Events like the lynching prompted local police to create social media cells “to identify and defeat fake news.”[45] Police engagement, however, has not necessarily served to protect Assam’s Muslims. After one Muslim student posted about eating beef following the Indian national cricket team’s loss to Pakistan, she was met with outrage rising to “rape threats on social media.”[46] Rather than following up on the threats, the “Assam Police registered a suo motu case against [the victim] under the Information Technology Act.”[47]

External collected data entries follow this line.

(* acyclic: no edge lies on a cycle, i.e. removing any edge {x,y}
   disconnects x from y *)
Definition acyclic n (E : edgeset n) : bool :=
  [forall x : 'I_n, forall y : 'I_n, (x != y) && ([set x; y] \in E) ==>
    ~~ connect (adj (E :\ [set x; y])) x y].

Definition is_forest n (F : edgeset n) : bool :=
  simple_edges F && acyclic F.

Definition is_spanning_tree n (T : edgeset n) : bool :=
  [&& simple_edges T, acyclic T & connected_graph T].

Definition degree n (E : edgeset n) (v : 'I_n) : nat :=
  #|[set e in E | v \in e]|.

Definition is_star n (T : edgeset n) : bool :=
  is_spanning_tree T && [exists v : 'I_n, degree T v == n.-1].

Definition trees_avoiding n (T0 F : edgeset n) : {set edgeset n} :=
  [set T : edgeset n | is_spanning_tree T && (F \subset T)
                       && ((T :&: T0) \subset F)].

From mathcomp Require Import all_boot zify.
Set Implicit Arguments. Unset Strict Implicit. Unset Printing Implicit Defensive.

(* Root every component of F, so that F is the edge set of a parent function
   p0 with k = n - t roots. Grafting a root r onto a vertex v of another
   component with {r, v} outside T0 keeps F and adds no edge of T0. With k'
   roots left there are at least (k' - 3) n + 1 such grafts: of the k' n pairs
   (root, vertex) at most n lie in a common component and at most 2 |T0| < 2 n
   span an edge of T0. Conversely, a forest obtained by j grafts comes from at
   most j forests, since undoing a graft only means resetting one of the j
   roots of p0 that are no longer roots. Double counting yields at least
   n^(k-3) (k-3)! / (k-2)! >= n^(k-4) forests with two components. Since T0 is
   not a star, its edges cannot cover all pairs across a cut, so each such
   forest becomes a tree of T_n[T0; F] by one more edge outside T0; the tree,
   that edge and the two roots determine the forest, whence at least n^(k-8)
   trees. *)

Lemma eq_set2 (T : finType) (a b c d : T) :
  [set a; b] = [set c; d] -> (a = c /\ b = d) \/ (a = d /\ b = c).
Proof.
move=> E.
have /set2P ac : a \in [set c; d] by rewrite -E set21.
have /set2P bd : b \in [set c; d] by rewrite -E set22.
have /set2P ca : c \in [set a; b] by rewrite E set21.
have /set2P db : d \in [set a; b] by rewrite E set22.
case: ac bd => -> [] -> in ca db *.
- by case: db => ->; left.
- by left.
- by right.
- by case: ca => ->; left.
Qed.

The National Register of Citizens

“The NRC list is unique to Assam and was first prepared in 1951” after a nationwide census.[48] The document is essentially an accounting of all the Indian citizens living in the state. During the 1980s, unrest over Bengali immigration led the government to agree to the Assam Accords, in which the state promised to update the NRC and deport all residents whose names were not reported therein.[49] The NRC’s definition of illegal immigrants is also taken from the Assam Accords and “anyone who cannot prove that they or their ancestors entered the country before midnight of March 24, 1971, [will] be declared a foreigner and face deportation.”[50]

In 2012, renewed frustration with the government’s perceived failure to deport Bengali immigrants led to massive protests, and in 2013, “Assam Public Works filed a petition asking that so-called illegal migrants be struck off the electoral rolls.”[51] The Indian Supreme Court ordered an updated NRC be published in Assam, noting; “The culture of an entire people is being eroded in such a way that they will ultimately be swamped by persons who have no right to continue to live in this country.”[52] The project was subsequently launched in 2015 and since then has been “monitored directly by the Supreme Court.”[53]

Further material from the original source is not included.